RECORDS:
------------------------------------------------------------------------
Definition iter (n : nat) (T : X -> X) (x : X) : X := Nat.iter n T x.
Fixpoint vsum (n : nat) (f : nat -> X) : X :=
  match n with
  | O => vzero
  | S m => vadd (vsum m f) (f m)
  end.

Definition translate (a : X) (S : X -> Prop) (z : X) : Prop :=
  exists s, S s /\ z = vadd a s.
Definition line_plus (d : X) (S : X -> Prop) (z : X) : Prop :=
  exists t s, S s /\ z = vadd (vscal t d) s.

Definition affine_set (S : X -> Prop) : Prop :=
  forall x y t, S x -> S y -> S (vadd (vscal t x) (vscal (1 - t) y)).
Definition in_lineality (C : X -> Prop) (d : X) : Prop :=
  set_eq (line_plus d C) C.

End Ops.

(* The set ran(Id - T) = ran(Id - L) - b is affine with direction the linear
   subspace ran(Id - L), so its element v of minimal norm is orthogonal to
   ran(Id - L); for a linear nonexpansive L this orthogonal complement is
   exactly Fix L.  Knowing L v = v, one gets T (x + v) = v + T x, hence the two
   shifted operators coincide, their iterates differ from those of T by n v,
   and their common fixed point set is stable under adding multiples of v.
   Since v + b lies in ran(Id - L), which is orthogonal to both v and Fix L,
   v and b + v are the projections of -b onto Fix L and of b onto the closure
   of ran(Id - L).  That the chosen projection P_{closure ran(Id - T)} 0 really
   is a nearest point comes from completeness, via the parallelogram law
   applied to a minimizing sequence. *)
From Stdlib Require Import Reals Lra Psatz ClassicalEpsilon Classical.
Open Scope R_scope.

Section VectorAlgebra.
Context {X : HilbertSpace}.
Implicit Types x y z : X.

Lemma vadd_assoc x y z : vadd x (vadd y z) = vadd (vadd x y) z.
Proof. apply hs_add_assoc. Qed.
Lemma vadd_comm x y : vadd x y = vadd y x. Proof. apply hs_add_comm. Qed.
Lemma vadd_0 x : vadd x vzero = x. Proof. apply hs_add_0. Qed.
Lemma vadd_opp x : vadd x (vopp x) = vzero. Proof. apply hs_add_opp. Qed.
Lemma vsub_def x y : vsub x y = vadd x (vopp y). Proof. reflexivity. Qed.

Lemma inner_sym x y : inner x y = inner y x. Proof. apply hs_inner_sym. Qed.
Lemma inner_pos x : 0 <= inner x x. Proof. apply hs_inner_pos. Qed.
Lemma inner_def x : inner x x = 0 -> x = vzero. Proof. apply hs_inner_def. Qed.
(* Let $C\subset\mathbb{R}^d$ be a smooth centrally symmetric convex body and let $(G,p)$ be a framework in $\mathbb{R}^d$ that is regular with respect to $\|\cdot\|_C$. Then $(G,p)$ is constant with respect to $\|\cdot\|_C$.
   Context: A centrally symmetric convex body $C$ (compact, convex, non-empty interior, $C=-C$) defines the norm $\|x\|_C=\inf\{\lambda>0:x\in\lambda C\}$; $C$ is smooth if every boundary point has a unique supporting hyperplane. A framework $(G,p)$ is a finite simple graph $G=(V,E)$ with $p=(p_v)_{v\in V}\in\mathbb{R}^{d|V|}$. It is well-positioned if $p_v\ne p_w$ for all $vw\in E$ and $f_{G,C}:q\mapsto(\tfrac12\|q_v-q_w\|_C^2)_{vw\in E}$ is differentiable at $p$; then the rigidity matrix $R_C(G,p)$ is the derivative of $f_{G,C}$ at $p$ (row $vw$ has $\varphi_C(p_v-p_w)$ in the $v$ columns, $\varphi_C(p_w-p_v)$ in the $w$ columns, zeros elsewhere, where $\varphi_C(x)$ is the derivative of $\tfrac12\|\cdot\|_C^2$ at $x$). $(G,p)$ is regular if it is well-positioned and $\operatorname{rank}R_C(G,p)\ge\operatorname{rank}R_C(G,q)$ for every well-positioned placement $q$ of $G$. $(G,p)$ is constant if there is a neighbourhood $U$ of $p$ in $\mathbb{R}^{d|V|}$ such that every $q\in U$ gives a well-positioned $(G,q)$ with $\operatorname{rank}R_C(G,q)=\operatorname{rank}R_C(G,p)$. *)

From HB Require Import structures.
From mathcomp Require Import all_boot all_order all_algebra.
From mathcomp Require Import all_classical all_reals all_analysis.
Set Implicit Arguments. Unset Strict Implicit. Unset Printing Implicit Defensive.
Import Order.TTheory GRing.Theory Num.Theory.
Import numFieldNormedType.Exports.
Local Open Scope classical_set_scope.
Local Open Scope ring_scope.

Definition dotv (R : realType) (d : nat) (u x : 'rV[R]_d) : R :=
  \sum_(i < d) u ord0 i * x ord0 i.

Definition cs_convex_body (R : realType) (d : nat) (C : set 'rV[R]_d) : Prop :=
  [/\ compact C,
      (forall x y (t : R), C x -> C y -> 0 <= t -> t <= 1 ->
          C (t *: x + (1 - t) *: y)),
      interior C !=set0 &
      (forall x, C x <-> C (- x))].

Definition supporting (R : realType) (d : nat) (C : set 'rV[R]_d) (x u : 'rV[R]_d) :=
  u != 0 /\ forall y, C y -> dotv u y <= dotv u x.

Definition hyperplane (R : realType) (d : nat) (x u : 'rV[R]_d) : set 'rV[R]_d :=
  [set y | dotv u y = dotv u x].

Definition smooth_body (R : realType) (d : nat) (C : set 'rV[R]_d) : Prop :=
  forall x, C x -> ~ interior C x ->
    (exists u, supporting C x u) /\
    (forall u1 u2, supporting C x u1 -> supporting C x u2 ->
       hyperplane x u1 = hyperplane x u2).

Definition normC (R : realType) (d : nat) (C : set 'rV[R]_d) (x : 'rV[R]_d) : R :=
  inf [set l : R | 0 < l /\ exists c, C c /\ x = l *: c].

(* A finite simple graph on vertex set 'I_n with m edges, edge e joining
   (ends e).1 and (ends e).2 (orientation irrelevant). *)
Definition simple_graph (n m : nat) (ends : 'I_m -> 'I_n * 'I_n) : Prop :=
  (forall e, (ends e).1 != (ends e).2) /\
  (forall e e', ends e = ends e' \/ ends e = ((ends e').2, (ends e').1) -> e = e').

(* placements: row v of q : 'M_(n,d) is q_v *)
Definition fGC (R : realType) (d n m : nat) (C : set 'rV[R]_d)
    (ends : 'I_m -> 'I_n * 'I_n) (q : 'M[R]_(n, d)) : 'rV[R]_m :=
  \row_(e < m) (normC C (row (ends e).1 q - row (ends e).2 q) ^+ 2 / 2).

Definition well_positioned (R : realType) (d n m : nat) (C : set 'rV[R]_d)
    (ends : 'I_m -> 'I_n * 'I_n) (p : 'M[R]_(n, d)) : Prop :=
  (forall e, row (ends e).1 p != row (ends e).2 p) /\
  differentiable (fGC C ends) p.

(* rank of the rigidity matrix = rank of the derivative of fGC at p
   (represented as a matrix via vectorization of placements) *)
Definition rigidity_rank (R : realType) (d n m : nat) (C : set 'rV[R]_d)
    (ends : 'I_m -> 'I_n * 'I_n) (p : 'M[R]_(n, d)) : nat :=
  \rank (lin1_mx (fun v : 'rV[R]_(n * d) => ('d (fGC C ends) p) (vec_mx v))).

Definition regular (R : realType) (d n m : nat) (C : set 'rV[R]_d)
    (ends : 'I_m -> 'I_n * 'I_n) (p : 'M[R]_(n, d)) : Prop :=
  well_positioned C ends p /\
  forall q, well_positioned C ends q ->
    (rigidity_rank C ends q <= rigidity_rank C ends p)%N.

Definition constant_fw (R : realType) (d n m : nat) (C : set 'rV[R]_d)
    (ends : 'I_m -> 'I_n * 'I_n) (p : 'M[R]_(n, d)) : Prop :=
  \forall q \near p,
    well_positioned C ends q /\ rigidity_rank C ends q = rigidity_rank C ends p.
Lemma npower_components_iso x : graph_iso (component Gn x) (component Gn (zinv x)).
Proof.
  assert (Hfw : forall u, connected Gn x u -> connected Gn (zinv x) (zinv u))
    by apply connected_npower_zinv.
  assert (Hbw : forall u, connected Gn (zinv x) u -> connected Gn x (zinv u)).
  { intros u H. rewrite <- (zinvK x). apply connected_npower_zinv, H. }
  exists (fun a => exist _ (zinv (proj1_sig a)) (Hfw _ (proj2_sig a))).
  exists (fun b => exist _ (zinv (proj1_sig b)) (Hbw _ (proj2_sig b))).
  split; [|split].
  - intros [u Hu]. apply proj1_sig_inj, zinvK.
  - intros [u Hu]. apply proj1_sig_inj, zinvK.
  - intros [u Hu] [v Hv]. simpl. split; [apply adj_npower_zinv|].
    intro H. rewrite <- (zinvK u), <- (zinvK v). apply adj_npower_zinv, H.
Qed.

Section InfiniteOrderComponent.
Variable x : G.
Hypothesis Hx : infinite_zorder x.

Lemma commensurable_npower_components a b :
  connected Gn x a -> connected Gn (zinv x) b -> ~ commensurable a b.
Proof.
  intros Ha Hb H. apply (not_commensurable_zinv x Hx).
  apply connected_npower_commensurable in Ha, Hb.
  eauto using commensurable_trans, commensurable_sym.
Qed.

Lemma npower_components_disjoint u :
  connected Gn x u -> connected Gn (zinv x) u -> False.
Proof.
  intros H1 H2. exact (commensurable_npower_components u u H1 H2 (commensurable_refl u)).
Qed.

Lemma zpower_component_split u :
  connected Gz x u <-> connected Gn x u \/ connected Gn (zinv x) u.
Proof.
  split.
  - intro H. apply clos_rt_rtn1 in H. induction H as [|v w Hvw _ IH].
    { left; apply rt_refl. }
    destruct (adj_zpower_cases v w Hvw) as [A|A]; destruct IH as [I|I].
    + left; eapply rt_trans; [exact I|apply rt_step, A].
    + right; eapply rt_trans; [exact I|apply rt_step, A].
    + right; eapply rt_trans; [apply connected_npower_zinv, I|exact A].
    + left; eapply rt_trans; [|exact A].
      rewrite <- (zinvK x). apply connected_npower_zinv, I.
  - intros [H|H]; apply connected_npower_zpower in H; [exact H|].
    eapply rt_trans; [apply rt_step, adj_zpower_zinv, Hx|exact H].
Qed.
------------------------------------------------------------------------
Using the material above, quote the first line and each line after it, stopping at and including the line that holds "shifted operators coincide, their".

Definition iter (n : nat) (T : X -> X) (x : X) : X := Nat.iter n T x.
Fixpoint vsum (n : nat) (f : nat -> X) : X :=
  match n with
  | O => vzero
  | S m => vadd (vsum m f) (f m)
  end.

Definition translate (a : X) (S : X -> Prop) (z : X) : Prop :=
  exists s, S s /\ z = vadd a s.
Definition line_plus (d : X) (S : X -> Prop) (z : X) : Prop :=
  exists t s, S s /\ z = vadd (vscal t d) s.

Definition affine_set (S : X -> Prop) : Prop :=
  forall x y t, S x -> S y -> S (vadd (vscal t x) (vscal (1 - t) y)).
Definition in_lineality (C : X -> Prop) (d : X) : Prop :=
  set_eq (line_plus d C) C.

End Ops.

(* The set ran(Id - T) = ran(Id - L) - b is affine with direction the linear
   subspace ran(Id - L), so its element v of minimal norm is orthogonal to
   ran(Id - L); for a linear nonexpansive L this orthogonal complement is
   exactly Fix L.  Knowing L v = v, one gets T (x + v) = v + T x, hence the two
   shifted operators coincide, their iterates differ from those of T by n v,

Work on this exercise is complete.